Reformar,
¿qué y cómo?
Hace bastantes años que en el
aniversario de la Constitución el debate social y doctrinal se centra en la conveniencia
de su reforma. Quizá la diferencia es que ahora esta posibilidad es al menos
admitida por la mayoría de los partidos políticos con significativa
representación parlamentaria. A partir de ahí, las diferencias entre ellos son
más que significativas. Pero el paso dado es importante, pues una de las
grandes enseñanzas del proceso constituyente de 1977-78 es que el consenso no
suele ser el punto de partida, sino más bien el de llegada, siempre que en la
partida haya acuerdo en la idea misma y las bases de la reforma. Cabe entonces pensar
en los siguientes pasos, que antes que al detalle de la reforma deben referirse
al qué y cómo habría que reformar.

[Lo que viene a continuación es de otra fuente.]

Lemma herm_linearZ c X : c \is Num.real -> herm X -> Phi (c *: X) = c *: Phi X.
Proof.
move=> cR hX; have [_ PhiL] := linPhi.
by have := PhiL c X 0 cR hX herm0; rewrite !addr0 herm_linear0 addr0.
Qed.

Lemma herm_linearD X Y : herm X -> herm Y -> Phi (X + Y) = Phi X + Phi Y.
Proof.
move=> hX hY; have [_ PhiL] := linPhi.
by have := PhiL 1 X Y (@real1 _) hX hY; rewrite !scale1r.
Qed.

Lemma herm_linearN X : herm X -> Phi (- X) = - Phi X.
Proof. by move=> hX; rewrite -scaleN1r herm_linearZ ?scaleN1r // realN real1. Qed.

Lemma herm_linear_sum (I : finType) (c : I -> C) (F : I -> 'M[C]_n) :
  (forall i, c i \is Num.real) -> (forall i, herm (F i)) ->
  Phi (\sum_i c i *: F i) = \sum_i c i *: Phi (F i).
Proof.
move=> cR hF.
pose R X Y := herm X /\ Phi X = Y.
have [] : R (\sum_i c i *: F i) (\sum_i c i *: Phi (F i)) => //.
apply: big_ind2 => [|X1 Y1 X2 Y2 [hX1 <-] [hX2 <-]|i _].
- by split; [exact: herm0 | exact: herm_linear0].
- by split; [exact: hermD | exact: herm_linearD].
- by split; [exact: hermZ | exact: herm_linearZ].
Qed.

Lemma cextE X : cext Phi X = Phi (re_mx X) + 'i *: Phi (im_mx X).
Proof. by []. Qed.

Lemma cext_trmxC X : cext Phi (X ^t*) = (cext Phi X) ^t*.
Proof.
have [hermPhi _] := linPhi.
rewrite !cextE re_mx_trmxC im_mx_trmxC herm_linearN; last exact: herm_im_mx.
rewrite trmxCD trmxCZ conjCi.
have /hermP <- := hermPhi _ (herm_re_mx X).
have /hermP <- := hermPhi _ (herm_im_mx X).
by rewrite scaleNr scalerN.
Qed.

End RealLinearMap.

Section LargestEigenvalue.
Variables (C : numClosedFieldType) (N : nat) (A : 'M[C]_N).
Hypothesis normalA : A \is normalmx.

Let P := spectralmx A.
Let d := spectral_diag A.

Let mulmx_trmxC_P : P *m P ^t* = 1%:M.
Proof. exact/unitarymxP/spectral_unitarymx. Qed.

Let mulmx_P_trmxC : P ^t* *m P = 1%:M.
Proof. by rewrite -invmx_unitary ?spectral_unitarymx // mulVmx // spectral_unit. Qed.

Let spectralA : A = P ^t* *m diag_mx d *m P.
Proof.
have /orthomx_spectralP eqA := normalA.
by rewrite {1}eqA invmx_unitary ?spectral_unitarymx.
Qed.

Lemma spectral_diag_eigenvalue j : eigenvalue A (d 0 j).
Proof.
apply/eigenvalueP; exists (row j P).
  rewrite -row_mul spectralA !mulmxA mulmx_trmxC_P mul1mx.
  apply/rowP => l; rewrite !mxE (bigD1 j) //= big1 ?addr0.
    by rewrite !mxE eqxx mulr1n.
  by move=> i /negbTE neq_ij; rewrite !mxE eq_sym neq_ij mulr0n mul0r.
apply/eqP => /(congr1 (mulmx^~ (P ^t*))); rewrite -row_mul mulmx_trmxC_P mul0mx.
by move/rowP/(_ j); rewrite !mxE eqxx => /eqP; rewrite oner_eq0.
Qed.

Lemma mxquad_le_largest_eigenvalue lam (w : 'rV[C]_N) :
  largest_eigenvalue A lam ->
  (w *m A *m w ^t*) 0 0 <= lam * (w *m w ^t*) 0 0.
Proof.
move=> [_ maxlam]; set u := w *m P ^t*.
have -> : w *m A *m w ^t* = u *m diag_mx d *m u ^t*.
  by rewrite spectralA /u !trmxCM trmxCK !mulmxA.
have -> : w *m w ^t* = u *m u ^t*.
  by rewrite /u trmxCM trmxCK -!mulmxA (mulmxA (P ^t*)) mulmx_P_trmxC mul1mx.
rewrite mul_mx_diag !mxE mulr_sumr; apply: ler_sum => j _.
rewrite !mxE mulrAC [lam * _]mulrC.
apply: ler_wpM2l; last exact/maxlam/spectral_diag_eigenvalue.
by rewrite mul_conjC_ge0.
Qed.

End LargestEigenvalue.

Definition trless_mx {C : numClosedFieldType} {n : nat} (X : 'M[C]_n) : 'M[C]_n :=
  X - (\tr X / n%:R) *: 1%:M.

Section TracelessPart.
Variables (C : numClosedFieldType) (n : nat).
Implicit Types X : 'M[C]_n.

Lemma mxtrace_trless_mx X : (0 < n)%N -> \tr (trless_mx X) = 0.
Proof.
move=> n_gt0; rewrite /trless_mx raddfB /= mxtraceZ mxtrace1 divfK ?subrr //.
by rewrite pnatr_eq0 -lt0n.
Qed.

Lemma herm_trless_mx X : herm X -> herm (trless_mx X).
Proof.
move=> hX; apply: hermB => //; apply: hermZ; last exact: herm1.
by rewrite realM ?realV ?realn ?herm_mxtrace_real.
Qed.

Lemma trless_re_im_mxE X :
  X = trless_mx (re_mx X) + 'i *: trless_mx (im_mx X) + (\tr X / n%:R) *: 1%:M.
Proof.
have := re_im_mxE X; move: (re_mx X) (im_mx X) => R I ->.
rewrite /trless_mx mxtraceD mxtraceZ.
by apply/matrixP => i j; rewrite !mxE; ring.
Qed.

Lemma mxtrace_mulmx_trmxC_decomp (W V : 'M[C]_n) s :
  herm W -> herm V -> \tr W = 0 -> \tr V = 0 ->
  \tr ((W + 'i *: V + s *: 1%:M) *m (W + 'i *: V + s *: 1%:M) ^t*) =
  \tr (W *m W) + \tr (V *m V) + n%:R * (s * s^*).
Proof.
move=> /hermP eqW /hermP eqV trW trV.
rewrite !trmxCD !trmxCZ trmxC1 -eqW -eqV conjCi.
rewrite !mulmxDl !mulmxDr -!scalemxAl -!scalemxAr !mul1mx !mulmx1.
rewrite !mxtraceD !mxtraceZ mxtrace1 trW trV (mxtrace_mulC V W) !mulr0 !addr0.
have i2 : 'i * (- 'i) = 1 :> C by rewrite mulrN -expr2 sqrCi opprK.
rewrite mulrA i2 mul1r; ring.
Qed.

End TracelessPart.

Lemma mxtrace_sqr_lincomb (C : numClosedFieldType) a (I : finType) (c : I -> C)
    (G : I -> 'M[C]_a) :
  \tr ((\sum_i c i *: G i) *m (\sum_i c i *: G i)) =
  \sum_i \sum_j c i * c j * \tr (G i *m G j).
Proof.
rewrite mulmx_suml raddf_sum /=; apply: eq_bigr => i _.
rewrite mulmx_sumr raddf_sum /=; apply: eq_bigr => j _.
by rewrite -scalemxAl -scalemxAr !mxtraceZ mulrA.
Qed.

Section ChannelBound.
Variables (C : numClosedFieldType) (n k : nat) (Phi : 'M[C]_n -> 'M[C]_k).
Variables (M : 'I_(n ^ 2 - 1) -> 'M[C]_n) (lam : C).
Hypotheses (n_gt0 : (0 < n)%N) (k_gt0 : (0 < k)%N) (linPhi : herm_linear Phi).
Hypotheses (tpPhi : trace_preserving Phi) (unPhi : unital Phi).
Hypotheses (basisM : orthonormal_basis_H0 M) (lamP : largest_eigenvalue (A_Phi Phi M) lam).

Lemma herm_A_Phi : A_Phi Phi M \is hermsymmx.
Proof.
have [hermPhi _] := linPhi; have [hermM _] := basisM.
apply/hermP/matrixP => i j; rewrite !mxE -mxtrace_trmxC trmxCM.
have /hermP <- := hermPhi _ (hermM i).1.
by have /hermP <- := hermPhi _ (hermM j).1.
Qed.

Lemma traceless_herm_linear_le H : herm H -> \tr H = 0 ->
  \tr (Phi H *m Phi H) <= lam * \tr (H *m H).
Proof.
move=> hH trH; have [hermM [orthoM spanM]] := basisM.
have [c [cR ->]] := spanM H hH trH.
(* both sides are quadratic forms in the real coordinates c of H: the left one
   has matrix A_Phi, the right one the identity *)
rewrite herm_linear_sum // => [|i]; last exact: (hermM i).1.
have := mxquad_le_largest_eigenvalue (hermitian_normalmx herm_A_Phi) (\row_i c i) lamP.
rewrite !mxtrace_sqr_lincomb; congr (_ <= _ * _).
- rewrite mxE exchange_big /=; apply: eq_bigr => j _.
  rewrite !mxE mulr_suml; apply: eq_bigr => i _.
  by rewrite !mxE conj_Creal // mulrAC.
- rewrite mxE; apply: eq_bigr => i _; rewrite (bigD1 i) //= big1 ?addr0.
    by rewrite !mxE conj_Creal // orthoM eqxx mulr1.
  by move=> j /negbTE neq_ji; rewrite orthoM eq_sym neq_ji mulr0.
Qed.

En cuanto a lo primero, encontramos desde
posturas que se centran en algún aspecto (el modelo territorial, el Senado, o la
eliminación de la preferencia del varón sobre la mujer en la sucesión a la
Corona), hasta posiciones que reclaman una revisión total del texto, que dé
lugar a una nueva Constitución. Yo creo que la Constitución no se debe reformar
por el mero hecho de hacerlo, o por el simple prurito de las generaciones que
no tuvimos por edad la posibilidad de votar en 1978. Nada hay irreformable,
pero precisamente las Constituciones existen porque no todo se quiere ni se
debe someter al juego de las simples mayorías momentáneas, ni a necesaria
confirmación cada cierto período de tiempo. Por ello habría que delimitar los
aspectos nucleares del modelo constitucional, aprobados con vocación de
permanencia y que siguen plenamente vigentes, y aquellos otros que fueron
incluidos en la carta magna por razones más vinculadas a la coyuntura
específica de 1978 (o porque no era fácil prever la evolución futura) y que
claramente se han quedado obsoletos.
Respecto al cómo, la respuesta parece bastante sencilla: hay que someterse al procedimiento previsto en los artículos 167 o 168, según el objeto de la reforma. Es ello tan obvio que sería innecesario recordarlo, de no ser porque se empieza a oír hablar de una “Asamblea Constituyente”, algo ni siquiera previsto como tal en nuestra Constitución, y que parecería poder hacerlo todo y de cualquier modo, por el simple hecho de actuar como poder constituyente. Pero en un Estado constitucional el poder de revisión, aunque sea total, es un “poder constituyente constituido”, ilimitado en cuanto a la materia susceptible de reforma, pero sometido estrictamente a los procedimientos y formas establecidos en la Constitución vigente. La democracia no es solamente el gobierno de la mayoría, sino también el necesario respeto a las minorías, y a la más minoritaria de todas ellas que es el individuo con sus derechos fundamentales. Para garantizar ese respeto existe la rigidez constitucional, y cualquier intento de saltarse esa exigencia es radicalmente ilegítimo e inaceptable. Algunos dicen que así es casi imposible reformar la Constitución, pero eso es falso. Sucede solo que el constituyente de 1978 fue inteligente al establecer mayorías cualificadas, suficientes para que nunca (o prácticamente nunca) un solo partido pudiera reformar la Constitución, pero para que siempre (o prácticamente siempre) puedan hacerlo los grandes partidos sumando su representación, y en ciertos casos con la aprobación popular final mediante referéndum.